■ PROBLEM DESCRIPTION ■
In exact form, please repeat the records from their opening line down to the line with "by rewrite mulmxA -/z -colE mxE; apply.", including that line.

Segment Start: TASK INPUTS

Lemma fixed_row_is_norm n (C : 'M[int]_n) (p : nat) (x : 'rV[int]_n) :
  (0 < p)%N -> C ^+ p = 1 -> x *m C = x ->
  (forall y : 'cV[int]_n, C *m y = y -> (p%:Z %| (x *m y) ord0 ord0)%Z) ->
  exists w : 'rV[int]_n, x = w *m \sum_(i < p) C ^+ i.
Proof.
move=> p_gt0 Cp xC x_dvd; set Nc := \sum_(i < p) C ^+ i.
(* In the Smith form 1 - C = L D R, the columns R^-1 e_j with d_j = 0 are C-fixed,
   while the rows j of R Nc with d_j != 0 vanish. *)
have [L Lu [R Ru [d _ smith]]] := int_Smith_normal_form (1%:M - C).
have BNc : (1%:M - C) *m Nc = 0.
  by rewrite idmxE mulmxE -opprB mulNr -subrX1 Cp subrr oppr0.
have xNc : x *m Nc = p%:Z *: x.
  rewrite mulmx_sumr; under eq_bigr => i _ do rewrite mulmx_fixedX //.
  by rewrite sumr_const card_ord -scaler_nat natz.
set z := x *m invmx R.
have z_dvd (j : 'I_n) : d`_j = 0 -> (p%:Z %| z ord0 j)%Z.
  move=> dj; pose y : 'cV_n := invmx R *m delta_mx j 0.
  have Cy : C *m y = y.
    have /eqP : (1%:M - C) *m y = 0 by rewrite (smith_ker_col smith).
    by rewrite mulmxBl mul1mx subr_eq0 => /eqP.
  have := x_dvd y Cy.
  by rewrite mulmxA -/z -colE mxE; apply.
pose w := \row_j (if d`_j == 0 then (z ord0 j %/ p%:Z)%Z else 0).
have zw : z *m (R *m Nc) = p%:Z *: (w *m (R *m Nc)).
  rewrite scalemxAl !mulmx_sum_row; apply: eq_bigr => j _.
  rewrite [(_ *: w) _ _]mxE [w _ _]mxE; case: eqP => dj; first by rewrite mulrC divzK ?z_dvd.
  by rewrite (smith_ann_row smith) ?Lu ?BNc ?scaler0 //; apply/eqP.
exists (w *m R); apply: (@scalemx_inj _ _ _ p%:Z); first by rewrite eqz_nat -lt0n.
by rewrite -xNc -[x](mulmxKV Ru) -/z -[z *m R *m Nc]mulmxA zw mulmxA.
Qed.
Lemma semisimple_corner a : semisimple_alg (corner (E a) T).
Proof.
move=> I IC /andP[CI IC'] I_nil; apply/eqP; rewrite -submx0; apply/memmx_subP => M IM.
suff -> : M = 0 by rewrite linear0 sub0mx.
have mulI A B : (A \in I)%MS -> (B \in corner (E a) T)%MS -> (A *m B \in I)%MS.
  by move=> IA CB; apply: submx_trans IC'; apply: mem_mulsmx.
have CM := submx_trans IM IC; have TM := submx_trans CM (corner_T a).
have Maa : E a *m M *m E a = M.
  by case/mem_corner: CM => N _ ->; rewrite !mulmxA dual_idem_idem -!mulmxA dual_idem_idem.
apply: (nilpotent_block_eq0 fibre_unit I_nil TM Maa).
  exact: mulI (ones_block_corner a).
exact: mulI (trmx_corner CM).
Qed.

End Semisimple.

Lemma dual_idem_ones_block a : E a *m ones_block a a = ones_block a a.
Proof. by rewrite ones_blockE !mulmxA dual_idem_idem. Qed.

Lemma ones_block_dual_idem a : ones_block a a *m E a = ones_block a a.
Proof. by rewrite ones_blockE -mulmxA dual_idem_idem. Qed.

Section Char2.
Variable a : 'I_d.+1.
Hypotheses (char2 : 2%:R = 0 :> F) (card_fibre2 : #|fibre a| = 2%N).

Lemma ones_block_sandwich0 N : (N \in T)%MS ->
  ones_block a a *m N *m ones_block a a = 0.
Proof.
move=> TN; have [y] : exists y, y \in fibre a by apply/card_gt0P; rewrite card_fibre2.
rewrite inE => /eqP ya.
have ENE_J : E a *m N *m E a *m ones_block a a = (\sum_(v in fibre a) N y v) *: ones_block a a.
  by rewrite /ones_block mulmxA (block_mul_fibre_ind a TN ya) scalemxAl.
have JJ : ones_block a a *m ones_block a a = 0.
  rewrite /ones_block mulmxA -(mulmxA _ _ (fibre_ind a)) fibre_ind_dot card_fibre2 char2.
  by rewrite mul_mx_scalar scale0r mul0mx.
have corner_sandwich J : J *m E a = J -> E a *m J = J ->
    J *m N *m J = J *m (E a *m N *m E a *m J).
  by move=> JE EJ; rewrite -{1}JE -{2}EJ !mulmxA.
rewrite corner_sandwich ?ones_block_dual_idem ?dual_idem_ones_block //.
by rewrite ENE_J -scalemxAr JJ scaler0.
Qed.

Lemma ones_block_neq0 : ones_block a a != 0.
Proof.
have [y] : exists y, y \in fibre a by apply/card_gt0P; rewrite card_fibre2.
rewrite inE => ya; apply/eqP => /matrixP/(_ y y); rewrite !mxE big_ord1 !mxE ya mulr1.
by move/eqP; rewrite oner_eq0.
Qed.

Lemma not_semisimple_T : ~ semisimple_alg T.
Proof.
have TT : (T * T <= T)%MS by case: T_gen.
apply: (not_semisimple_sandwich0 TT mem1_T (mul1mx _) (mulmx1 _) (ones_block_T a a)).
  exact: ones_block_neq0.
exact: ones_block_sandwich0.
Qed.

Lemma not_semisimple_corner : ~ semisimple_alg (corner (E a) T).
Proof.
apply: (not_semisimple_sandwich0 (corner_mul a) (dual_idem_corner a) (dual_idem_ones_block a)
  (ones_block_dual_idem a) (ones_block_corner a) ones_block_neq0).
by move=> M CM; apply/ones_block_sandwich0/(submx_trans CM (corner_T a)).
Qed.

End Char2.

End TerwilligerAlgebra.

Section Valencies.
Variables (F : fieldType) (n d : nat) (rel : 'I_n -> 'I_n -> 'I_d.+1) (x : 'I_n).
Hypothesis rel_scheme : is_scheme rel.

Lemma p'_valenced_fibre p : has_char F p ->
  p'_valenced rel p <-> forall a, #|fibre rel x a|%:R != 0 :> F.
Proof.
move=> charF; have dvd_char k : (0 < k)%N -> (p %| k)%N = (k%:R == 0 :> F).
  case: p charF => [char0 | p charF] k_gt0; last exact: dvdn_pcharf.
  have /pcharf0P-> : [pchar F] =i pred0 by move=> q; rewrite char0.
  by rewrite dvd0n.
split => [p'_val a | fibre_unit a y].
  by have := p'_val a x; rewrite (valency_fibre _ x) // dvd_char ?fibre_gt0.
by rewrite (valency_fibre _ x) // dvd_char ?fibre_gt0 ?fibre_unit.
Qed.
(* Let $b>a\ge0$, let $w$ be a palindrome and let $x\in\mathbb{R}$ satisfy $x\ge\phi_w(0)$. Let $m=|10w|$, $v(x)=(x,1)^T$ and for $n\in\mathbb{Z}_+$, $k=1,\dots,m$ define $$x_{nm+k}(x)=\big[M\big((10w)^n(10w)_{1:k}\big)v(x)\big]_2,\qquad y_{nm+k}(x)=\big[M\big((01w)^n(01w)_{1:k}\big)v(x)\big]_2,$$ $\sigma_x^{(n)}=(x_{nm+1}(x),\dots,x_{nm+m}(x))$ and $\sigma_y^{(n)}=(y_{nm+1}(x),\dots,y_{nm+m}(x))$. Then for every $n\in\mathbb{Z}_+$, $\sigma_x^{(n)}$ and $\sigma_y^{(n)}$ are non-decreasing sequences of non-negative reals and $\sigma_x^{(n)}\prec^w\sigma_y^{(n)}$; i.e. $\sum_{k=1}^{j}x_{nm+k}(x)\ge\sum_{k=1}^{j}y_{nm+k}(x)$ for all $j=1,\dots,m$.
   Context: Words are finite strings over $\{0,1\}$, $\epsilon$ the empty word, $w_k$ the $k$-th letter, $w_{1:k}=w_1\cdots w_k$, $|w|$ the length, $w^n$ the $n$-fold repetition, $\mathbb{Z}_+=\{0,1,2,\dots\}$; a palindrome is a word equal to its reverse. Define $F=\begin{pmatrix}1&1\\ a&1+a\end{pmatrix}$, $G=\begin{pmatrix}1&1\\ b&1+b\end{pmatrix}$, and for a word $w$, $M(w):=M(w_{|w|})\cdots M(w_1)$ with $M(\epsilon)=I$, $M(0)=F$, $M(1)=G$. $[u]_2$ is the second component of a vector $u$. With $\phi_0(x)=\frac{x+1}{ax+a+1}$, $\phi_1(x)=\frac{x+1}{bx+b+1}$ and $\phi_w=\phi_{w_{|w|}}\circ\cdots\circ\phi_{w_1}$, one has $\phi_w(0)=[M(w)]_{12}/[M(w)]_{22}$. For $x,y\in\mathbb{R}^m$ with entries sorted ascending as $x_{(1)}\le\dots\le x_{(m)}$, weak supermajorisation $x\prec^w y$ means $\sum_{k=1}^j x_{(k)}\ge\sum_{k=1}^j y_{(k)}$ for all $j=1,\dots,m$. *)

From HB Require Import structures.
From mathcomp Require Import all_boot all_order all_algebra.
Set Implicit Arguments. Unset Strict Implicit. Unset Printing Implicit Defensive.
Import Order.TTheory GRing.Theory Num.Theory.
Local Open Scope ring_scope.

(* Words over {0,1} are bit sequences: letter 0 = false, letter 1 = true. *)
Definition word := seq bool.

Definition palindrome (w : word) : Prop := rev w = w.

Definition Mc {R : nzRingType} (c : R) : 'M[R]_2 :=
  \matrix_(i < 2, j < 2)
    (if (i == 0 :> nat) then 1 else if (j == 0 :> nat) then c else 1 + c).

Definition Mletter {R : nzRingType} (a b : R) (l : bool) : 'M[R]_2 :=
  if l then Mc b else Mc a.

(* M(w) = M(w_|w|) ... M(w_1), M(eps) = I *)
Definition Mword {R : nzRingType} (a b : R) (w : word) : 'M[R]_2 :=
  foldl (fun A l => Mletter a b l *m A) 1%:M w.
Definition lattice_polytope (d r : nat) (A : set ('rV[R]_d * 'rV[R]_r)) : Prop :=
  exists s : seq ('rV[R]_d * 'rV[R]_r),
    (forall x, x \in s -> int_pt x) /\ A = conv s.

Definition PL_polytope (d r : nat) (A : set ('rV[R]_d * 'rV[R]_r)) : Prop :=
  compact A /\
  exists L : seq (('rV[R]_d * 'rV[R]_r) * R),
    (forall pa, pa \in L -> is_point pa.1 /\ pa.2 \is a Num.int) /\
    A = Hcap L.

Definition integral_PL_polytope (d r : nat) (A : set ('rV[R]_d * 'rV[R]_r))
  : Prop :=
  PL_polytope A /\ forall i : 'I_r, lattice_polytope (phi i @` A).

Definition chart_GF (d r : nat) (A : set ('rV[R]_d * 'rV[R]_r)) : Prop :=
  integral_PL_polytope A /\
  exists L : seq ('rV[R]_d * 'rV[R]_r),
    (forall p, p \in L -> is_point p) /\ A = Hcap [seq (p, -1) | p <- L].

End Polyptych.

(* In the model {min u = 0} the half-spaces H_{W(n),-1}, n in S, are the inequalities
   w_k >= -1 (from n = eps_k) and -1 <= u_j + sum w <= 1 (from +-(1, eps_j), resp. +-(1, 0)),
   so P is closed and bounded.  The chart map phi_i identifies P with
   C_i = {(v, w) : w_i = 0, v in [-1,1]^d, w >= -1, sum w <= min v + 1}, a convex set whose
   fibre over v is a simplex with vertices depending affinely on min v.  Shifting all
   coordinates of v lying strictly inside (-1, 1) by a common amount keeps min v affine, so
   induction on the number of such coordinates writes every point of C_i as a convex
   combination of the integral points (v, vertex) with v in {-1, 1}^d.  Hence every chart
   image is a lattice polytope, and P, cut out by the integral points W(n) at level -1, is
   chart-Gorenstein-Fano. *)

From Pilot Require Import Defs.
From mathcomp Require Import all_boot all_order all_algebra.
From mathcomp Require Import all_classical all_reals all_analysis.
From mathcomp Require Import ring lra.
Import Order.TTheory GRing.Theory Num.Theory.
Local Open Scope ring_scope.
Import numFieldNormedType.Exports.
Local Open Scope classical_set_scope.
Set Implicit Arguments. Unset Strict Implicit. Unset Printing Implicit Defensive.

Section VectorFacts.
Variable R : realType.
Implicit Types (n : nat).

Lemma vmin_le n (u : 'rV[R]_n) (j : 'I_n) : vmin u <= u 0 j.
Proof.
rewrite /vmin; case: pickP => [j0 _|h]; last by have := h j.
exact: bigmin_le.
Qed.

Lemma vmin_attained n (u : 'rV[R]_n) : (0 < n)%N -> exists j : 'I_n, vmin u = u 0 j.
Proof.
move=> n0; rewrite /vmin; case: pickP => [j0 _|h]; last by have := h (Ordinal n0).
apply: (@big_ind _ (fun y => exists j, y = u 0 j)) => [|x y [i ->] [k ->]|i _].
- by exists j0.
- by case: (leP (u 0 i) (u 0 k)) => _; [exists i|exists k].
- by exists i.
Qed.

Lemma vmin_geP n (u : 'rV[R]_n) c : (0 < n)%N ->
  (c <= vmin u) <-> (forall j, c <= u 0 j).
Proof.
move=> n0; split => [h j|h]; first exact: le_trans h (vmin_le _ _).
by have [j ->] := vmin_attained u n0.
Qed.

Segment End: TASK INPUTS

■ RESULT OF THIS TASK ■
Lemma fixed_row_is_norm n (C : 'M[int]_n) (p : nat) (x : 'rV[int]_n) :
  (0 < p)%N -> C ^+ p = 1 -> x *m C = x ->
  (forall y : 'cV[int]_n, C *m y = y -> (p%:Z %| (x *m y) ord0 ord0)%Z) ->
  exists w : 'rV[int]_n, x = w *m \sum_(i < p) C ^+ i.
Proof.
move=> p_gt0 Cp xC x_dvd; set Nc := \sum_(i < p) C ^+ i.
(* In the Smith form 1 - C = L D R, the columns R^-1 e_j with d_j = 0 are C-fixed,
   while the rows j of R Nc with d_j != 0 vanish. *)
have [L Lu [R Ru [d _ smith]]] := int_Smith_normal_form (1%:M - C).
have BNc : (1%:M - C) *m Nc = 0.
  by rewrite idmxE mulmxE -opprB mulNr -subrX1 Cp subrr oppr0.
have xNc : x *m Nc = p%:Z *: x.
  rewrite mulmx_sumr; under eq_bigr => i _ do rewrite mulmx_fixedX //.
  by rewrite sumr_const card_ord -scaler_nat natz.
set z := x *m invmx R.
have z_dvd (j : 'I_n) : d`_j = 0 -> (p%:Z %| z ord0 j)%Z.
  move=> dj; pose y : 'cV_n := invmx R *m delta_mx j 0.
  have Cy : C *m y = y.
    have /eqP : (1%:M - C) *m y = 0 by rewrite (smith_ker_col smith).
    by rewrite mulmxBl mul1mx subr_eq0 => /eqP.
  have := x_dvd y Cy.
  by rewrite mulmxA -/z -colE mxE; apply.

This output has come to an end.